Later, we learned that LayaAir’s compressed texture use scheme is relatively simple and rough. Ios uses PVRTC, Android ETC1, and others are PNG/JPG. With hDR-prefilter-texture implemented earlier, the same idea can be applied to compressed textures.

Everything that needs to be processed by the Runtime can be preprocessed, and the Runtime only needs to load the preprocessed products

So there’s this gPU-compressed texture extension that stores the Basis Transcode output and the Runtime downloads the corresponding preprocessed format based on the supported format.

Front knowledge

GLTF structure

Since the goal is a GLTF extension, you need to understand the GLTF format.

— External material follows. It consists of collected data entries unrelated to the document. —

(* Let $G$ be a totally disconnected locally compact group. Then $C_c^\infty(G)=\mathcal P(G)$.
   Context: $C_c^\infty(G)$ (the smooth functions) is the linear span of the characteristic functions $\chi_{xH}$ with $x\in G$ and $H$ a compact open subgroup of $G$; equivalently the union over compact open subgroups $H$ of the compactly supported continuous functions constant on the cosets $xH$. $\mathcal P(G)$ is the set of $f\in C_c(G)$ such that for some compact open subgroup $H$ of $G$ there exist finitely many $f_i\in C_c(G)$ and $\phi_i\in C(H)$ with $f(xh)=\sum_i f_i(x)\phi_i(h)$ for all $x\in G,h\in H$. *)

From HB Require Import structures.
From mathcomp Require Import all_boot all_order all_algebra.
From mathcomp Require Import all_classical all_reals all_analysis.
From mathcomp Require Import complex.

Set Implicit Arguments.
Unset Strict Implicit.
Unset Printing Implicit Defensive.

Import Order.TTheory GRing.Theory Num.Theory.
Import numFieldNormedType.Exports.
Local Open Scope classical_set_scope.
Local Open Scope ring_scope.

Definition is_topological_group (G : topologicalType)
  (mul : G -> G -> G) (inv : G -> G) (e : G) : Prop :=
  [/\ (forall x y z, mul x (mul y z) = mul (mul x y) z),
      (forall x, mul e x = x /\ mul x e = x),
      (forall x, mul (inv x) x = e /\ mul x (inv x) = e),
      continuous (fun p : G * G => mul p.1 p.2) &
      continuous inv].

Definition is_tdlc_group (G : topologicalType)
  (mul : G -> G -> G) (inv : G -> G) (e : G) : Prop :=
  [/\ is_topological_group mul inv e,
      hausdorff_space G,
      (forall x : G, exists2 K : set G, compact K & nbhs x K) &
      totally_disconnected [set: G]].

Definition is_subgroup (G : Type) (mul : G -> G -> G) (inv : G -> G) (e : G)
  (H : set G) : Prop :=
  [/\ H e, (forall x y, H x -> H y -> H (mul x y)) & (forall x, H x -> H (inv x))].

Definition compact_open_subgroup (G : topologicalType)
  (mul : G -> G -> G) (inv : G -> G) (e : G) (H : set G) : Prop :=
  [/\ is_subgroup mul inv e H, open H & compact H].

Section Spaces.
Variables (R : realType) (G : topologicalType).
Variables (mul : G -> G -> G) (inv : G -> G) (e : G).

(* The topology of C = R[i] is the standard one, i.e. that of R x R via
   z |-> (Re z, Im z). *)
Definition C_to_R2 (z : R[i]) : R * R := let: Complex a b := z in (a, b).
Definition ccontinuous (f : G -> R[i]) : Prop := continuous (C_to_R2 \o f).
Definition ccontinuous_within (H : set G) (f : G -> R[i]) : Prop :=
  {within H, continuous (C_to_R2 \o f)}.

Definition fsupport (f : G -> R[i]) : set G := closure [set x | f x != 0].

Definition Cc : set (G -> R[i]) :=
  [set f | ccontinuous f /\ compact (fsupport f)].

Definition coset_indicator (x : G) (H : set G) : G -> R[i] :=
  fun y => if `[< exists2 h, H h & y = mul x h >] then 1 else 0.

Definition Cc_infty : set (G -> R[i]) :=
  [set f | exists (n : nat) (c : 'I_n -> R[i]) (xs : 'I_n -> G)
             (Hs : 'I_n -> set G),
      (forall i, compact_open_subgroup mul inv e (Hs i)) /\
      f = (fun y => \sum_(i < n) c i * coset_indicator (xs i) (Hs i) y)].

Definition PG : set (G -> R[i]) :=
  [set f | Cc f /\
     exists (H : set G), compact_open_subgroup mul inv e H /\
     exists (n : nat) (fs : 'I_n -> G -> R[i]) (phis : 'I_n -> G -> R[i]),
       (forall i, Cc (fs i)) /\
       (forall i, ccontinuous_within H (phis i)) /\
       (forall x h, H h -> f (mul x h) = \sum_(i < n) fs i x * phis i h)].

End Spaces.

(* A finite combination of indicators of cosets x H_i is right
   invariant under a compact open subgroup contained in every H_i (van Dantzig),
   hence locally constant, and it trivially splits as f(x h) = f(x) * 1.
   Conversely, if f(x h) = sum_i f_i(x) phi_i(h) on H, the translates
   h |-> f(x h) span a space W of combinations of the phi_i, detected by the
   values at finitely many points of H.  For k close to e the difference operator
   D_k w = w(k .) - w halves a norm on W; since 2 D_k = D_(k k) - D_k D_k and a
   compact open subgroup K of such k is closed under squaring, D_k = 0 on W for
   k in K (GL(W) has no small subgroups).  So f is right K-invariant, and a
   compactly supported right K-invariant function is a finite combination of
   indicators of K-cosets. *)

From HB Require Import structures.
From mathcomp Require Import all_boot all_order all_algebra.
From mathcomp Require Import all_classical all_reals all_analysis.
From mathcomp Require Import complex ring lra.

Set Implicit Arguments.
Unset Strict Implicit.
Unset Printing Implicit Defensive.

Import Order.TTheory GRing.Theory Num.Theory.
Import numFieldNormedType.Exports.
Local Open Scope classical_set_scope.
Local Open Scope ring_scope.

Section compact_hausdorff.
Context {T : topologicalType}.

Lemma compact_directed_sub_open (C O : set T) (D : set (set T)) :
  compact C -> open O -> (exists A, D A) ->
  (forall A B, D A -> D B -> exists2 E, D E & E `<=` A `&` B) ->
  (forall A, D A -> closed A /\ A `<=` C) ->
  (forall x, (forall A, D A -> A x) -> O x) ->
  exists2 A, D A & A `<=` O.
Proof.
move=> cC oO [A0 DA0] DI Dcl DO.
apply: contrapT => nE.
have meetsCO A : D A -> (A `&` ~` O) !=set0.
  move=> DA; apply/set0P/negP => /eqP AO; apply: nE; exists A => // x Ax.
  by apply: contrapT => nOx; have : (A `&` ~` O) x by []; rewrite AO.
pose F := filter_from D (fun A => A `&` ~` O).
have PF : ProperFilter F.
  apply: filter_from_proper => //; apply: filter_from_filter; first by exists A0.
  move=> A B DA DB; have [E DE EAB] := DI A B DA DB; exists E => // x [Ex nOx].
  by have [] := EAB x Ex; split; split.
have FC : F C by exists A0 => // x [/(Dcl _ DA0).2].
have [y [_ cly]] := cC F PF FC.
have ADy A : D A -> (A `&` ~` O) y.
  move=> DA; have : closed (A `&` ~` O).
    by apply: closedI; [exact: (Dcl _ DA).1 | exact: open_closedC].
  rewrite closure_id => ->; move=> B nB.
  by apply: cly => //; exists A.
exact: (ADy A0 DA0).2 (DO y (fun A DA => (ADy A DA).1)).
Qed.

Hypothesis hT : hausdorff_space T.

Lemma compact_point_separation (B : set T) a : compact B -> ~ B a ->
  exists U V, [/\ open U, open V, U a, B `<=` V & U `&` V = set0].
Proof.
move=> cB nBa.
pose D := [set B `&` closure U | U in [set U | open U /\ U a]].
have [_ [U [oU Ua] <-] BU0] : exists2 E, D E & E `<=` set0.
  apply: (compact_directed_sub_open cB open0).
  - by exists (B `&` closure setT), setT => //; split=> //; exact: openT.
  - move=> _ _ [U1 [oU1 U1a] <-] [U2 [oU2 U2a] <-].
    exists (B `&` closure (U1 `&` U2)); first by exists (U1 `&` U2); split => //; exact: openI.
    by move=> x [Bx /closureI[]].
  - move=> _ [U _ <-]; split; last by move=> x [].
    by apply: closedI; [exact: compact_closed | exact: closed_closure].
  move=> x Dx.
  have [Bx _] := Dx _ (ex_intro2 _ _ setT (conj openT I) erefl).
  have ax : a != x by apply/eqP => ax; apply: nBa; rewrite ax.
  move: hT; rewrite open_hausdorff => /(_ _ _ ax) [[U V] /= [/set_mem Ua /set_mem Vx]].
  move=> [oU oV /eqP UV0].
  have [_ clUx] := Dx _ (ex_intro2 _ _ U (conj oU Ua) erefl).
  have [z [Uz Vz]] := clUx V (open_nbhs_nbhs (conj oV Vx)).
  by have : (U `&` V) z by []; rewrite UV0.
exists U, (~` closure U); split => //.
- exact/closed_openC/closed_closure.
- by move=> b Bb clUb; apply: (BU0 b).
- by rewrite -subsets_disjoint; apply: subset_closure.
Qed.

ExtensionsUsed tells parser that it needs an extension to parse GLTF. Other tables are similar to relational tables, but are associated with subscripts. For example:

Nodes [j]. Nodes [I]. Meshes [I]. Meshes [I]. Materials to materials [I] [I] normalTexture: point to textures textures [I] [I]. Source: [I]. [I] images to images uri: BufferViews [I] bufferViews[I]. Buffer: Buffers [I] buffers[I]. Uri: buffers

GLTF extension

Now that you have a brief understanding of how GLTF information is related, you can begin to understand how the GLTF extension is written. The need to implement a GLTF extension can also be interpreted as a degraded extension, quite similar to the EXT_texture_webp that Google implements.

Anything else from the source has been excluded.